The salt marsh at Dipper Harbour, New Brunswick

Every marine shoreline constitutes a transition, a zone of change from dry land where most organisms breathe air, to water where the creatures are incorporated into their saline environment. But shorelines vary immensely in shape: some are abrupt and peremptory, while others can be so gradual that they are almost imperceptible. This shape affects the nature of the transition.

In a way, shorelines can be considered as the punctuation between sea and land. A steep sea cliff is an exclamation mark. The transition is exaggerated and absolute!

View from the Whistle, Grand Manan Island, New Brunswick

View from The Whistle, Grand Manan Island, New Brunswick

A narrow cobble beach is a period. The transition is definite, but it is not overstated.

Shore near Halfway Point, Churchill area, Manitoba

Shore near Halfway Point, Churchill area, Manitoba

A broad beach is a semicolon; it leads us gently from one environment to another.

Beach near The Anchorage, Grand Manan Island, New Brunswick

Beach near The Anchorage, Grand Manan Island

Sometimes a beach could also be a colon, since it can sponsor other environments such as dunes, lagoons, or ponds:

Ponds above the shore, Island of Colonsay, Scotland

Ponds above the shore, Island of Colonsay, Scotland

Beach pea above Whale Cove, Grand Manan Island, New Brunswick

Beach pea between the shore and the pond, Whale Cove, Grand Manan Island

But what is the salt marsh? Following this logic, the salt marsh must be an ellipsis … it is not so much an unfinished thought, as a trailing off. It is a place of poorly-defined changes, of transitions so gradational that to really recognize them one must stand in one place and observe the minutiae as they vary through the day, or through the year.

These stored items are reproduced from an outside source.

(* Let $\underline x<\overline x$ and $\underline y<\overline y$ be real numbers and $\alpha\in\mathbb{R}$. Then the convex hull of $$T_\alpha=\{(x,y)\in\mathbb{R}^2:\ xy=\alpha,\ x\in[\underline x,\overline x],\ y\in[\underline y,\overline y]\}$$ is second-order cone representable.
   Context: A set $S\subseteq\mathbb{R}^n$ is second-order cone representable if it is the projection onto the first $n$ coordinates of a set $\{(x,u)\in\mathbb{R}^n\times\mathbb{R}^m\}$ defined by finitely many linear equalities/inequalities and constraints of the form $\|A_k(x,u)+b_k\|_2\le c_k^T(x,u)+d_k$. *)

From Stdlib Require Import Reals List.
Import ListNotations.
Open Scope R_scope.

(* Points of R^k are represented as functions nat -> R; a point of R^k is
   "canonical" when all coordinates of index >= k vanish. *)
Definition canonical (k : nat) (x : nat -> R) : Prop :=
  forall i, (k <= i)%nat -> x i = 0.

Fixpoint sumR (k : nat) (f : nat -> R) : R :=
  match k with
  | O => 0
  | S k' => sumR k' f + f k'
  end.

Definition dotn (k : nat) (a z : nat -> R) : R := sumR k (fun i => a i * z i).

Definition join (n : nat) (x u : nat -> R) : nat -> R :=
  fun i => if Nat.ltb i n then x i else u (i - n)%nat.

(* A second-order cone constraint ||A z + b||_2 <= c^T z + d on R^N,
   where A has soc_rows rows (row r is the coefficient vector soc_A r). *)
Record soc_constraint := {
  soc_rows : nat;
  soc_A : nat -> nat -> R;
  soc_b : nat -> R;
  soc_c : nat -> R;
  soc_d : R }.

Definition soc_holds (N : nat) (C : soc_constraint) (z : nat -> R) : Prop :=
  sqrt (sumR (soc_rows C) (fun r => (dotn N (soc_A C r) z + soc_b C r) ^ 2))
  <= dotn N (soc_c C) z + soc_d C.

(* S (a subset of R^n, tested on canonical points) is second-order cone
   representable: it is the projection onto the first n coordinates of a set
   {(x,u) in R^n x R^m} described by finitely many linear equalities
   a^T(x,u) = beta, linear inequalities a^T(x,u) <= beta and SOC constraints. *)
Definition soc_representable (n : nat) (S : (nat -> R) -> Prop) : Prop :=
  exists (m : nat) (eqs ineqs : list ((nat -> R) * R)) (socs : list soc_constraint),
    forall x, canonical n x ->
      (S x <->
       exists u : nat -> R,
         let z := join n x u in
         Forall (fun e => dotn (n + m) (fst e) z = snd e) eqs /\
         Forall (fun e => dotn (n + m) (fst e) z <= snd e) ineqs /\
         Forall (fun C => soc_holds (n + m) C z) socs).

Definition conv_hull (S : (nat -> R) -> Prop) (x : nat -> R) : Prop :=
  exists l : list (R * (nat -> R)),
    Forall (fun wp => 0 <= fst wp /\ S (snd wp)) l /\
    fold_right (fun wp acc => fst wp + acc) 0 l = 1 /\
    forall i, x i = fold_right (fun wp acc => fst wp * snd wp i + acc) 0 l.

Definition T_alpha (xl xu yl yu alpha : R) (p : nat -> R) : Prop :=
  canonical 2 p /\ p 0%nat * p 1%nat = alpha /\
  xl <= p 0%nat <= xu /\ yl <= p 1%nat <= yu.

(* Split T_alpha into two parts whose convex hulls are the slices [l = 1] of
   second-order cone representable closed convex cones [K1], [K2] in (l, x, y)-space
   with no recession directions.  For alpha <> 0 the parts are the two branches of
   the hyperbola; in suitable coordinates each is an arc [{(X, b / X) : A <= X <= B}]
   of [XY = b] with [0 < A], whose hull is bounded by the chord through its endpoints
   and by [b <= XY], i.e. [sqrt (4 b + (X - Y)^2) <= X + Y].  For alpha = 0 they are
   the two segments on the axes.  Disjunctive programming then writes conv T_alpha as
   the projection of [{(x1 + x2, y1 + y2) : (l_i, x_i, y_i) in K_i, l1 + l2 = 1, l_i >= 0}];
   a term with [l_i = 0] must vanish, which is where the recession cones are used. *)

From Stdlib Require Import Reals Rgeom List Lra Lia FunctionalExtensionality.
Import ListNotations.
Open Scope R_scope.

Lemma sqrt_le_iff S w : 0 <= S -> (sqrt S <= w <-> 0 <= w /\ S <= w ^ 2).
Proof.
  intros hS; split.
  - intros h; pose proof (sqrt_pos S) as h0; split; [lra|].
    rewrite <- (pow2_sqrt S hS); apply pow_incr; lra.
  - intros [hw h]; rewrite <- (sqrt_pow2 w hw); now apply sqrt_le_1_alt.
Qed.

Lemma norm2_triangle a1 b1 a2 b2 :
  sqrt ((a1 + a2) ^ 2 + (b1 + b2) ^ 2) <= sqrt (a1 ^ 2 + b1 ^ 2) + sqrt (a2 ^ 2 + b2 ^ 2).
Proof.
  pose proof (triangle (a1 + a2) (b1 + b2) 0 0 a2 b2) as h.
  unfold dist_euc in h; now rewrite !Rsqr_pow2, !Rminus_0_r, !Rplus_minus_r in h.
Qed.

Lemma norm2_scale c a b : 0 <= c -> sqrt ((c * a) ^ 2 + (c * b) ^ 2) = c * sqrt (a ^ 2 + b ^ 2).
Proof.
  intros hc; replace ((c * a) ^ 2 + (c * b) ^ 2) with (c ^ 2 * (a ^ 2 + b ^ 2)) by ring.
  rewrite sqrt_mult by nra; now rewrite sqrt_pow2.
Qed.

(* A convex cone in (l, x, y)-space, [l] being the homogenizing coordinate: see
   [in_cone]. *)
Record cone3 := {
  cone_cuts : list (R * R * R);
  cone_nl : R; cone_nx : R; cone_ny : R;
  cone_cx : R; cone_cy : R }.

Definition cut_holds (e : R * R * R) (l x y : R) : Prop :=
  let '(a, b, c) := e in a * l + b * x + c * y <= 0.

Definition in_cone (P : cone3) (l x y : R) : Prop :=
  Forall (fun e => cut_holds e l x y) (cone_cuts P) /\
  sqrt ((cone_nl P * l) ^ 2 + (cone_nx P * x + cone_ny P * y) ^ 2)
    <= cone_cx P * x + cone_cy P * y.

Lemma in_cone_add P l1 x1 y1 l2 x2 y2 :
  in_cone P l1 x1 y1 -> in_cone P l2 x2 y2 -> in_cone P (l1 + l2) (x1 + x2) (y1 + y2).
Proof.
  intros [c1 s1] [c2 s2]; split.
  - rewrite Forall_forall in *; intros [[a b] c] he.
    specialize (c1 _ he); specialize (c2 _ he); simpl in *; lra.
  - replace (cone_cx P * (x1 + x2) + cone_cy P * (y1 + y2))
      with ((cone_cx P * x1 + cone_cy P * y1) + (cone_cx P * x2 + cone_cy P * y2)) by ring.
    eapply Rle_trans; [|apply Rplus_le_compat; [exact s1|exact s2]].
    eapply Rle_trans; [|apply norm2_triangle].
    right; f_equal; ring.
Qed.

Lemma in_cone_scale P c l x y : 0 <= c -> in_cone P l x y -> in_cone P (c * l) (c * x) (c * y).
Proof.
  intros hc [cs s]; split.
  - rewrite Forall_forall in *; intros [[a b] d] he.
    specialize (cs _ he); simpl in *; nra.
  - replace (cone_nl P * (c * l)) with (c * (cone_nl P * l)) by ring.
    replace (cone_nx P * (c * x) + cone_ny P * (c * y))
      with (c * (cone_nx P * x + cone_ny P * y)) by ring.
    rewrite norm2_scale by exact hc.
    replace (cone_cx P * (c * x) + cone_cy P * (c * y))
      with (c * (cone_cx P * x + cone_cy P * y)) by ring.
    now apply Rmult_le_compat_l.
Qed.

Lemma in_cone_0 P : in_cone P 0 0 0.
Proof.
  split.
  - apply Forall_forall; intros [[a b] c] _; simpl; lra.
  - replace ((cone_nl P * 0) ^ 2 + (cone_nx P * 0 + cone_ny P * 0) ^ 2) with 0 by ring.
    rewrite sqrt_0; lra.
Qed.

Definition pt2 (x y : R) : nat -> R :=
  fun i => match i with 0%nat => x | 1%nat => y | _ => 0 end.

Lemma canonical_pt2 p : canonical 2 p -> p = pt2 (p 0%nat) (p 1%nat).
Proof.
  intros hp; extensionality i; destruct i as [|[|i]]; simpl; auto.
  apply hp; lia.
Qed.

Lemma conv_hull_of_mem (T : (nat -> R) -> Prop) p : T p -> conv_hull T p.
Proof.
  intros hp; exists [(1, p)]; simpl; repeat split.
  - constructor; [simpl; split; [lra|exact hp]|constructor].
  - ring.
  - intros i; ring.
Qed.

Definition weight_sum (l : list (R * (nat -> R))) : R :=
  fold_right (fun wp acc => fst wp + acc) 0 l.

Definition point_sum (l : list (R * (nat -> R))) (i : nat) : R :=
  fold_right (fun wp acc => fst wp * snd wp i + acc) 0 l.

Definition rescale (c : R) (l : list (R * (nat -> R))) : list (R * (nat -> R)) :=
  map (fun wp => (c * fst wp, snd wp)) l.

Lemma weight_sum_app l1 l2 : weight_sum (l1 ++ l2) = weight_sum l1 + weight_sum l2.
Proof.
  induction l1 as [|wp l1 IH]; simpl; [ring|].
  unfold weight_sum in *; simpl; rewrite IH; ring.
Qed.

Lemma point_sum_app l1 l2 i : point_sum (l1 ++ l2) i = point_sum l1 i + point_sum l2 i.
Proof.
  induction l1 as [|wp l1 IH]; simpl; [ring|].
  unfold point_sum in *; simpl; rewrite IH; ring.
Qed.

Lemma weight_sum_rescale c l : weight_sum (rescale c l) = c * weight_sum l.
Proof. induction l as [|wp l IH]; unfold weight_sum in *; simpl; [ring|]; rewrite IH; ring. Qed.

Lemma point_sum_rescale c l i : point_sum (rescale c l) i = c * point_sum l i.
Proof. induction l as [|wp l IH]; unfold point_sum in *; simpl; [ring|]; rewrite IH; ring. Qed.

Lemma conv_hull_convex (T : (nat -> R) -> Prop) a p q : 0 <= a <= 1 ->
  conv_hull T p -> conv_hull T q -> conv_hull T (fun i => a * p i + (1 - a) * q i).
Proof.
  intros ha [l1 [f1 [w1 e1]]] [l2 [f2 [w2 e2]]].
  exists (rescale a l1 ++ rescale (1 - a) l2); repeat split.
  - apply Forall_app; unfold rescale; rewrite !Forall_map; split.
    + eapply Forall_impl; [|exact f1]; simpl; intros wp [h h']; split; [nra|exact h'].
    + eapply Forall_impl; [|exact f2]; simpl; intros wp [h h']; split; [nra|exact h'].
  - change (weight_sum (rescale a l1 ++ rescale (1 - a) l2) = 1).
    rewrite weight_sum_app, !weight_sum_rescale; unfold weight_sum; rewrite w1, w2; ring.
  - intros i; change (a * p i + (1 - a) * q i = point_sum (rescale a l1 ++ rescale (1 - a) l2) i).
    rewrite point_sum_app, !point_sum_rescale; unfold point_sum; rewrite <- e1, <- e2; ring.
Qed.

Lemma conv_hull_pt2_convex (T : (nat -> R) -> Prop) a x1 y1 x2 y2 : 0 <= a <= 1 ->
  conv_hull T (pt2 x1 y1) -> conv_hull T (pt2 x2 y2) ->
  conv_hull T (pt2 (a * x1 + (1 - a) * x2) (a * y1 + (1 - a) * y2)).
Proof.
  intros ha h1 h2.
  replace (pt2 (a * x1 + (1 - a) * x2) (a * y1 + (1 - a) * y2))
    with (fun i => a * pt2 x1 y1 i + (1 - a) * pt2 x2 y2 i).
  - now apply conv_hull_convex.
  - extensionality i; destruct i as [|[|i]]; simpl; ring.
Qed.

(* [P] is an extended formulation of [conv (T ∩ Rg)]: its slice [l = 1] lies
   between [T ∩ Rg] and [conv T], and its slice [l = 0] is trivial. *)
Definition tight_cone (T : (nat -> R) -> Prop) (Rg : R -> R -> Prop) (P : cone3) : Prop :=
  (forall x y, T (pt2 x y) -> Rg x y -> in_cone P 1 x y) /\
  (forall x y, in_cone P 1 x y -> conv_hull T (pt2 x y)) /\
  (forall x y, in_cone P 0 x y -> x = 0 /\ y = 0).

Definition cone_sum (P1 P2 : cone3) (p : nat -> R) : Prop :=
  exists l1 x1 y1 l2 x2 y2,
    0 <= l1 /\ 0 <= l2 /\ l1 + l2 = 1 /\ p 0%nat = x1 + x2 /\ p 1%nat = y1 + y2 /\
    in_cone P1 l1 x1 y1 /\ in_cone P2 l2 x2 y2.

Definition at3 (k : nat) (a b c : R) : nat -> R :=
  fun i => if i =? k then a else if i =? S k then b else if i =? S (S k) then c else 0.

The salt marsh’s shape and features are transformed as the tides pump water in and out through its reedy channels. Within the marsh is a mesh of interwoven microenvironments: some saltier, some much less salty, some wet, some mostly dry. But these change through the day, as the marsh alternates between soaking by saline tides, drying by sun and wind, and  wetting by fresh rain and stream water. This variation makes the salt marsh a place of immense richness and dizzying complexity, even within an area the size of a suburban yard.

On a slightly larger scale the salt marsh is itself often part of a series of interconnected environments. Beach, dune, barachois (lagoon), marsh, channel, and meadow can blend almost seamlessly, one into the next.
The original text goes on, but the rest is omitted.